Verify that datasets and pretrained weights are cached properly:

# Check CVlization dataset cache
ls -la ~/.cache/cvlization/data/
# Expected: Dataset archives and extracted folders
# Examples: coco_panoptic_tiny/, stanford_background/, etc.

# Check framework-specific caches
ls -la ~/.cache/torch/hub/checkpoints/       # PyTorch pretrained weights
ls -la ~/.cache/huggingface/                 # HuggingFace models

# Verify no repeated downloads on second run
# First run: Should see "Downloading..." messages
./train.sh 2>&1 | tee first_run.log

# Clean workspace data (but keep cache)
rm -rf ./data/

# Second run: Should NOT download again, uses cache
./train.sh 2>&1 | tee second_run.log

# Verify no download messages in second run
grep -i "download" second_run.log
# Expected: Minimal or no download activity (weights already cached)

What to verify:

Training data downloads to ~/.cache/cvlization/data/ (not ./data/)
Pretrained weights cached by framework (PyTorch: ~/.cache/torch/, HuggingFace: ~/.cache/huggingface/)
Second run reuses cached files without re-downloading
Check train.py for data_dir parameter passed to dataset builders

7. Quick Validation Test

For fast verification (useful during development):

# Run 1 epoch with limited data
MAX_TRAIN_SAMPLES=10 NUM_EPOCHS=1 ./train.sh

# Expected runtime: 1-5 minutes
# Verify: Completes without errors, metrics logged

8. Update Verification Metadata

After successful verification, update the example.yaml with verification metadata:

First, check GPU info:

# Get GPU model and VRAM
nvidia-smi --query-gpu=name,memory.total --format=csv,noheader

Format:

verification:
  last_verified: 2025-10-25
  last_verification_note: "Verified build, training initialization, lazy downloading, and metrics logging on [GPU_MODEL] ([VRAM]GB VRAM)"

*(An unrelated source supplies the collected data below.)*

Lemma sum_nbrs_card_upd (F : T -> T -> R) (S : {set T}) : symmetric e ->
  \sum_u \sum_(v in nbrs e u) F u v * (#|upd S u v|%:R - #|S|%:R) =
  \sum_u \sum_v ((e u v) && (u \in S) && (v \notin S))%:R * (F u v - F v u).
Proof.
move=> e_sym; pose p u v : R := ((u \in S) && (v \notin S))%:R.
have card_upd u v : #|upd S u v|%:R - #|S|%:R = p u v - p v u.
  rewrite /upd /p; case: ifP => uS; rewrite /= ?andbT ?andbF ?subr0 ?sub0r.
    by rewrite cardsU1 natrD addrK.
  by rewrite [in #|S|](cardsD1 v) natrD; ring.
rewrite (eq_bigr (fun u => \sum_v (e u v)%:R * F u v * p u v
                          - \sum_v (e u v)%:R * F u v * p v u)); last first.
  move=> u _; rewrite -sumrB big_mkcond /=; apply: eq_bigr => v _.
  by rewrite inE card_upd; case: (e u v); rewrite /= ?mul1r ?mul0r ?subrr // mulrBr.
rewrite sumrB [X in _ - X]exchange_big /= -sumrB; apply: eq_bigr => u _.
rewrite -sumrB; apply: eq_bigr => v _; rewrite (e_sym v u) /p.
by case: (e u v) (u \in S) (v \in S) => [] [] []; rewrite /= ?mul1r ?mul0r ?mulr1 ?mulr0 ?subr0.
Qed.

Section Transitions.
Variables (delta r : R).

Lemma trans_expect (S : {set T}) (g : {set T} -> R) :
  \sum_S' trans e delta r S S' * g S' =
  delta * \sum_v \sum_(u in nbrs e v) N^-1 * (fit r S u / wnb e r S v) * g (upd S u v)
  + (1 - delta) * \sum_u \sum_(v in nbrs e u) fit r S u / wtot r S * (deg R e u)^-1 * g (upd S u v).
Proof.
have expect_moves (F : T -> T -> R) (h : T -> T -> {set T}) :
    \sum_S' (\sum_a \sum_(b in nbrs e a) F a b * (h a b == S')%:R) * g S'
    = \sum_a \sum_(b in nbrs e a) F a b * g (h a b).
  under eq_bigr do rewrite mulr_suml.
  rewrite exchange_big /=; apply: eq_bigr => a _.
  under eq_bigr do rewrite mulr_suml.
  rewrite exchange_big /=; apply: eq_bigr => b _.
  by under eq_bigr do rewrite -mulrA; rewrite -mulr_sumr sum_indicator.
rewrite /trans; under eq_bigr do rewrite mulrDl -!mulrA.
by rewrite big_split /= -!mulr_sumr !expect_moves.
Qed.

Lemma trans_drift (S : {set T}) : symmetric e ->
  \sum_S' trans e delta r S S' * (#|S'|%:R - #|S|%:R) =
  \sum_u \sum_v ((e u v) && (u \in S) && (v \notin S))%:R * psi delta r S u v.
Proof.
move=> e_sym; rewrite trans_expect (sum_nbrs_sym _ e_sym) !sum_nbrs_card_upd //.
rewrite !mulr_sumr -big_split; apply: eq_bigr => u _.
rewrite !mulr_sumr -big_split; apply: eq_bigr => v _ /=.
case: (boolP (_ && _)) => [/andP[/andP[_ uS] vS]|_]; last by rewrite !mul0r !mulr0 addr0.
by rewrite /psi /fit uS (negbTE vS) !mul1r; ring.
Qed.

End Transitions.

Section Fitness.
Variable r : R.
Hypothesis r_ge1 : 1 <= r.
Let r_gt0 : 0 < r := lt_le_trans ltr01 r_ge1.

Lemma fit_bounds (S : {set T}) (x : T) : 1 <= fit r S x <= r.
Proof. by rewrite /fit; case: ifP => _; rewrite lexx r_ge1. Qed.

Lemma wtot_bounds (S : {set T}) : N <= wtot r S <= r * N.
Proof.
rewrite /wtot /NN -sum1_card natr_sum mulr_sumr.
by apply/andP; split; apply: ler_sum => x _; case/andP: (fit_bounds S x); rewrite ?mulr1.
Qed.

Lemma wnb_bounds (S : {set T}) (x : T) : deg R e x <= wnb e r S x <= r * deg R e x.
Proof.
rewrite /wnb /deg -sum1_card natr_sum mulr_sumr.
by apply/andP; split; apply: ler_sum => y _; case/andP: (fit_bounds S y); rewrite ?mulr1.
Qed.

Lemma wnb_gt0 (S : {set T}) x y : e x y -> 0 < wnb e r S x.
Proof.
move=> exy; apply: lt_le_trans (deg_gt0 exy) _.
by case/andP: (wnb_bounds S x).
Qed.

Lemma wtot_gt0 (S : {set T}) : (0 < #|T|)%N -> 0 < wtot r S.
Proof.
move=> T_gt0; apply: lt_le_trans (_ : 0 < N) _; first by rewrite ltr0n.
by case/andP: (wtot_bounds S).
Qed.

Lemma trans_ge0 (delta : R) (S S' : {set T}) :
  0 <= delta <= 1 -> 0 <= trans e delta r S S'.
Proof.
move=> /andP[delta_ge0 delta_le1].
have fit_ge0 x : 0 <= fit r S x by case/andP: (fit_bounds S x) => fit_ge1 _; lra.
rewrite /trans addr_ge0 // mulr_ge0 ?subr_ge0 // !sumr_ge0 // => x _; rewrite sumr_ge0 // => y _;
  by rewrite !mulr_ge0 ?invr_ge0 ?ler0n ?fit_ge0 ?sumr_ge0.
Qed.

Lemma trans_sum1 (delta : R) (S : {set T}) :
  (0 < #|T|)%N -> (forall x, exists y, e x y) -> \sum_S' trans e delta r S S' = 1.
Proof.
move=> T_gt0 e_nbr.
rewrite -(eq_bigr _ (fun S' _ => mulr1 (trans e delta r S S'))) trans_expect.
have dB_sum1 : \sum_v \sum_(u in nbrs e v) N^-1 * (fit r S u / wnb e r S v) * 1 = 1.
  rewrite (eq_bigr (fun _ => N^-1)).
    by rewrite sumr_const -mulr_natr -[#|_|]/#|T| mulVf ?gt_eqF ?ltr0n.
  move=> v _; have [y evy] := e_nbr v.
  under eq_bigr do rewrite mulr1 mulrA.
  by rewrite -mulr_suml -mulr_sumr -/(wnb e r S v) mulfK ?gt_eqF ?(wnb_gt0 S evy).
have Bd_sum1 : \sum_u \sum_(v in nbrs e u) fit r S u / wtot r S * (deg R e u)^-1 * 1 = 1.
  rewrite (eq_bigr (fun u => fit r S u / wtot r S)).
    by rewrite -mulr_suml mulfV ?gt_eqF ?wtot_gt0.
  move=> u _; have [y euy] := e_nbr u.
  rewrite sumr_const -mulr_natr -/(deg R e u) mulr1 -mulrA.
  by rewrite mulVf ?mulr1 ?gt_eqF ?(deg_gt0 euy).
by rewrite [X in delta * X]dB_sum1 [X in (1 - delta) * X]Bd_sum1 !mulr1 addrC subrK.
Qed.

Lemma psi_half_ge (S : {set T}) u v : symmetric e -> e u v ->
  2^-1 * ((r - 1) / (r * N ^+ 2)) <= psi_half e r S u v.
Proof.
move=> e_sym euv; have evu : e v u by rewrite e_sym.
rewrite /psi_half -mulrDr ler_wpM2l ?invr_ge0 ?ler0n //.
apply: net_flow_ge;
  rewrite ?(deg_gt0 euv) ?(deg_gt0 evu) ?deg_le_card ?wtot_bounds ?(wnb_gt0 S evu) //.
- by case/andP: (wnb_bounds S u).
- by case/andP: (wnb_bounds S v).
Qed.

Lemma psi_half_ge_cube (S : {set T}) u v : symmetric e -> irreflexive e -> e u v ->
  (r - 1) / (r * N ^+ 3) <= psi_half e r S u v.
Proof.
move=> e_sym e_irr euv; apply: le_trans (psi_half_ge S e_sym euv).
have N_ge2 : 2 <= N by rewrite (ler_nat _ 2) (edge_card_gt1 e_irr euv).
have rN2_ge0 : 0 <= r * N ^+ 2 by rewrite mulr_ge0 ?exprn_ge0 ?ler0n ?(ltW r_gt0).
have N_gt0 : 0 < N by lra.
rewrite [2^-1 * _]mulrCA ler_wpM2l ?subr_ge0 //.
rewrite -invfM lef_pV2 ?posrE ?mulr_gt0 ?exprn_gt0 ?r_gt0 //.
have : 0 <= r * N ^+ 2 * (N - 2) by rewrite mulr_ge0 ?subr_ge0.
lra.
Qed.

Lemma card_drift_half (S : {set T}) :
  symmetric e -> irreflexive e -> (forall x y, connect e x y) ->
  (r - 1) / (r * N ^+ 3) * (~~ absorbed S)%:R
  <= \sum_S' trans e 2^-1 r S S' * (#|S'|%:R - #|S|%:R).
Proof.
move=> e_sym e_irr e_conn; rewrite trans_drift //.
have c_ge0 : 0 <= (r - 1) / (r * N ^+ 3).
  by rewrite divr_ge0 ?subr_ge0 ?mulr_ge0 ?exprn_ge0 ?ler0n ?(ltW r_gt0).
have term_ge0 u v : 0 <= ((e u v) && (u \in S) && (v \notin S))%:R * psi 2^-1 r S u v.
  case: (boolP (_ && _)) => [/andP[/andP[euv _] _]|_]; last by rewrite mul0r.
  by rewrite mul1r -psi_halfE (le_trans c_ge0) ?psi_half_ge_cube.
have [_|] := boolP (absorbed S); first by rewrite mulr0 sumr_ge0 // => u _; rewrite sumr_ge0.
rewrite negb_or => /andP[S_neq0 S_neqT]; rewrite mulr1.
have [u [v [euv uS vS]]] := boundary_edge e_conn S_neq0 S_neqT.
apply: le_trans (ler_sum_term u _) => [|u']; last by rewrite sumr_ge0.
apply: le_trans (ler_sum_term v _) => //.
by rewrite euv uS vS mul1r -psi_halfE psi_half_ge_cube.
Qed.

End Fitness.
End Moran.
Lemma var_sum_unif_ge {m} : (0 < m)%N ->
  c - acc_energy a / (2 * c * m%:R) <= var_sum gam m (unif m).
Proof.
move=> m0; have hp : partition01 m (@unif R m) := unif_partition m0.
have mp : (0 : R) < m%:R by rewrite ltr0n.
have step (j : 'I_m) : m%:R^-1 * (c ^+ 2 - m%:R^-1 * acc_energy a / 2) <=
    c * enorm (gam (unif m j.+1) - gam (unif m j)).
  have [? ? ?] := partition_step hp _ (ltn_ord j).
  by rewrite -(unif_step j m0); exact: chord_ge.
rewrite -(ler_pM2l c_gt0) /var_sum mulr_sumr.
apply: le_trans (ler_sum _ (fun j _ => step j)).
rewrite sumr_const card_ord -mulr_natr le_eqVlt; apply/orP; left; apply/eqP.
by field; rewrite !gt_eqF.
Qed.

Lemma curve_length_const_speed : curve_length gam = c%:E.
Proof.
apply/eqP; rewrite eq_le curve_length_le /=; last exact: var_sum_le_speed.
apply/lee_addgt0Pr => e e0.
have E0 : 0 <= acc_energy a / (2 * c) by rewrite divr_ge0 ?acc_energy_ge0 ?mulr_ge0 ?ltW.
have [m [m0 hm]] := exists_frac_le E0 e0.
have hp : partition01 m (@unif R m) := unif_partition m0.
apply: (le_trans _ (leeD2r e%:E (curve_length_ge gam hp))).
rewrite -EFinD lee_fin -lerBlDr.
apply: le_trans (var_sum_unif_ge m0).
by rewrite lerD2l lerN2 invfM mulrA.
Qed.

(* Since |kappa| = |a| / c^2 on [0,1], the curvature energy is E / c^4. *)
Lemma acc_energy_le {K} : (curv_energy v a <= K%:E)%E -> acc_energy a <= K * c ^+ 4.
Proof.
move=> hK; have mI : measurable (`[0, 1] : set RT) by [].
have [H1 H2] := Rintegral_big mI (index_enum (ordinal d)) _ (fun i => hW.2.2 i).
have c4 : 0 < c ^+ 4 by rewrite exprn_gt0.
have hZ := integrableRZ mI (c ^+ 4)^-1 H1.
have hE : curv_energy v a = ((c ^+ 4)^-1 * acc_energy a)%:E.
  transitivity (\int[mu]_(x in (`[0%R, 1%R] : set RT))
      (EFin \o (fun x => ((c ^+ 4)^-1 * \sum_(i < d) Defs.comp a i x ^+ 2)%R)) x)%E.
    apply: eq_integral => x; rewrite inE => /(in_unit_itv (lexx 0) (lexx 1)) x01.
    by rewrite /= speed // expr_div_n enorm_sq -exprM mulrC.
  rewrite -(fineK (integrable_fin_num _ hZ)) //.
  by congr EFin; rewrite -/(Rintegral _ _ _) RintegralZl // H2.
rewrite hE lee_fin ler_pdivrMl // in hK.
by rewrite mulrC.
Qed.

Lemma var_sum_unif_ge_curv {K m} : (curv_energy v a <= K%:E)%E -> (0 < m)%N ->
  c - K * c ^+ 3 / 2 / m%:R <= var_sum gam m (unif m).
Proof.
move=> hK m0; apply: le_trans (var_sum_unif_ge m0).
have mp : (0 : R) < m%:R by rewrite ltr0n.
have hpos : 0 <= (2 * c * m%:R)^-1 by rewrite invr_ge0 !mulr_ge0 ?ltW.
rewrite lerD2l lerN2; apply: le_trans (ler_wpM2r hpos (acc_energy_le hK)) _.
by rewrite le_eqVlt; apply/orP; left; apply/eqP; field; rewrite !gt_eqF.
Qed.

End ConstantSpeed.

Section LengthLimit.
Context {R : realType} {d : nat}.
Notation V := 'rV[R]_d.

Lemma var_sum_cvg (gam : nat -> R -> V) (gamma : R -> V) n t :
  (forall e : R, 0 < e -> \forall k \near \oo,
     forall x, 0 <= x <= 1 -> enorm (gam k x - gamma x) < e) ->
  partition01 n t -> var_sum (gam k) n t @[k --> \oo] --> var_sum gamma n t.
Proof.
move=> hunif hp; apply/cvgrPdist_le => e e0.
have np : (0 : R) < n%:R + 1 by rewrite ltr_wpDl // ler0n.
have e'0 : 0 < e / (2 * (n%:R + 1)) by rewrite divr_gt0 // mulr_gt0.
apply: filterS (hunif _ e'0) => k hk.
rewrite distrC; apply: le_trans (var_sum_close hp (fun x hx => ltW (hk x hx))) _.
rewrite [X in X <= _](_ : _ = e * (n%:R / (n%:R + 1))); last by field; rewrite gt_eqF.
by rewrite ger_pMr // ler_pdivrMr // mul1r lerDl.
Qed.

Lemma cvg_curve_length (gam : nat -> R -> V) (gamma : R -> V) (c : nat -> R) (M B : R) :
  (forall n t, partition01 n t -> var_sum (gam k) n t @[k --> \oo] --> var_sum gamma n t) ->
  (forall k n t, partition01 n t -> var_sum (gam k) n t <= c k) ->
  (forall k m, (0 < m)%N -> c k - B / m%:R <= var_sum (gam k) m (unif m)) ->
  (forall k, c k <= M) -> 0 <= B ->
  (c k)%:E @[k --> \oo] --> curve_length gamma.
Proof.
move=> hcvg hup hlow hM B0.
have gammaM n t : partition01 n t -> var_sum gamma n t <= M.
  move=> hp; apply: (cvgr_to_le (hcvg _ _ hp)).
  by apply: nearW => k; exact: le_trans (hup k _ _ hp) (hM k).
have hp1 : partition01 1 (@unif R 1) := unif_partition (ltn0Sn 0).
have [L hL] : exists L, curve_length gamma = L%:E.
  exists (fine (curve_length gamma)); rewrite fineK // ge0_fin_numE.
    by rewrite (le_lt_trans (curve_length_le gammaM)) ?ltry.
  by apply: le_trans (curve_length_ge gamma hp1); rewrite lee_fin var_sum_ge0.
rewrite hL; apply: cvg_EFin; first exact: nearW.
apply/cvgrPdist_lt => e e0.
have e20 : 0 < e / 2 by rewrite divr_gt0.
have : ((L - e)%:E < curve_length gamma)%E by rewrite hL lte_fin gtrBl.
move=> /ereal_sup_gt[_ [n0 [t0 [hp0 ->]]]]; rewrite lte_fin => hgt.
have [m [m0 hm]] := exists_frac_le B0 e20.
have hpm : partition01 m (@unif R m) := unif_partition m0.
have hleL : var_sum gamma m (unif m) < L + e / 2.
  have := curve_length_ge gamma hpm; rewrite hL lee_fin => h.
  by rewrite (le_lt_trans h) // ltrDl.
apply: filterS2 (cvgr_gt _ (hcvg _ _ hp0) _ hgt) (cvgr_lt _ (hcvg _ _ hpm) _ hleL).
move=> k h1 h2; have := hup k _ _ hp0; have := hlow k _ m0.
by rewrite /= ltr_norml; lra.
Qed.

What to include in the note:

What was verified: build, training, metrics
Key aspects: lazy downloading, caching, GPU utilization
GPU info: Dynamically determine GPU model and VRAM using nvidia-smi (e.g., "A10 GPU (24GB VRAM)", "RTX 4090 (24GB)")
- If no GPU: Use "CPU-only"
VRAM usage: Peak VRAM used during training (e.g., "GPU usage: 7.4GB VRAM (32%), 100% GPU utilization")
- Get with: nvidia-smi --query-gpu=memory.used --format=csv,noheader,nounits
- Convert to GB and calculate percentage of total VRAM
Training extent: e.g., "1 epoch quick test" or "Full 10 epoch training"
Any limitations: e.g., "CUDA OOM on full batch size"

Example complete entry:

name: pose-estimation-mmpose
docker: mmpose
capability: perception/pose_estimation
# ... other fields ...

verification:
  last_verified: 2025-10-25
  last_verification_note: "Verified build, CVL CLI integration, and lazy downloading to ~/.cache/cvlization/data/. Training not fully verified due to GPU memory constraints (CUDA OOM on shared GPU)."

When to update:

After completing full verification checklist (steps 1-7)
Partial verification is acceptable - note what was verified
When re-verifying after CVlization updates or fixes

Common Issues and Fixes

Build Failures

# Issue: Dockerfile can't find files
# Fix: Check COPY paths are relative to Dockerfile location

# Issue: Dependency conflicts
# Fix: Check requirements.txt versions, update base image

# Issue: Large build context
# Fix: Add .dockerignore file

Training Failures

# Issue: CUDA out of memory
# Fix: Reduce BATCH_SIZE, MAX_SEQ_LEN, or image size

# Issue: Dataset not found
# Fix: Check data/ directory exists, run data preparation script

# Issue: Permission denied on outputs
# Fix: Ensure output directories are created before docker run

Metric Issues

# Issue: Loss is NaN
# Fix: Reduce learning rate, check data normalization, verify labels

# Issue: No metrics logged
# Fix: Check training script has logging configured (wandb/tensorboard)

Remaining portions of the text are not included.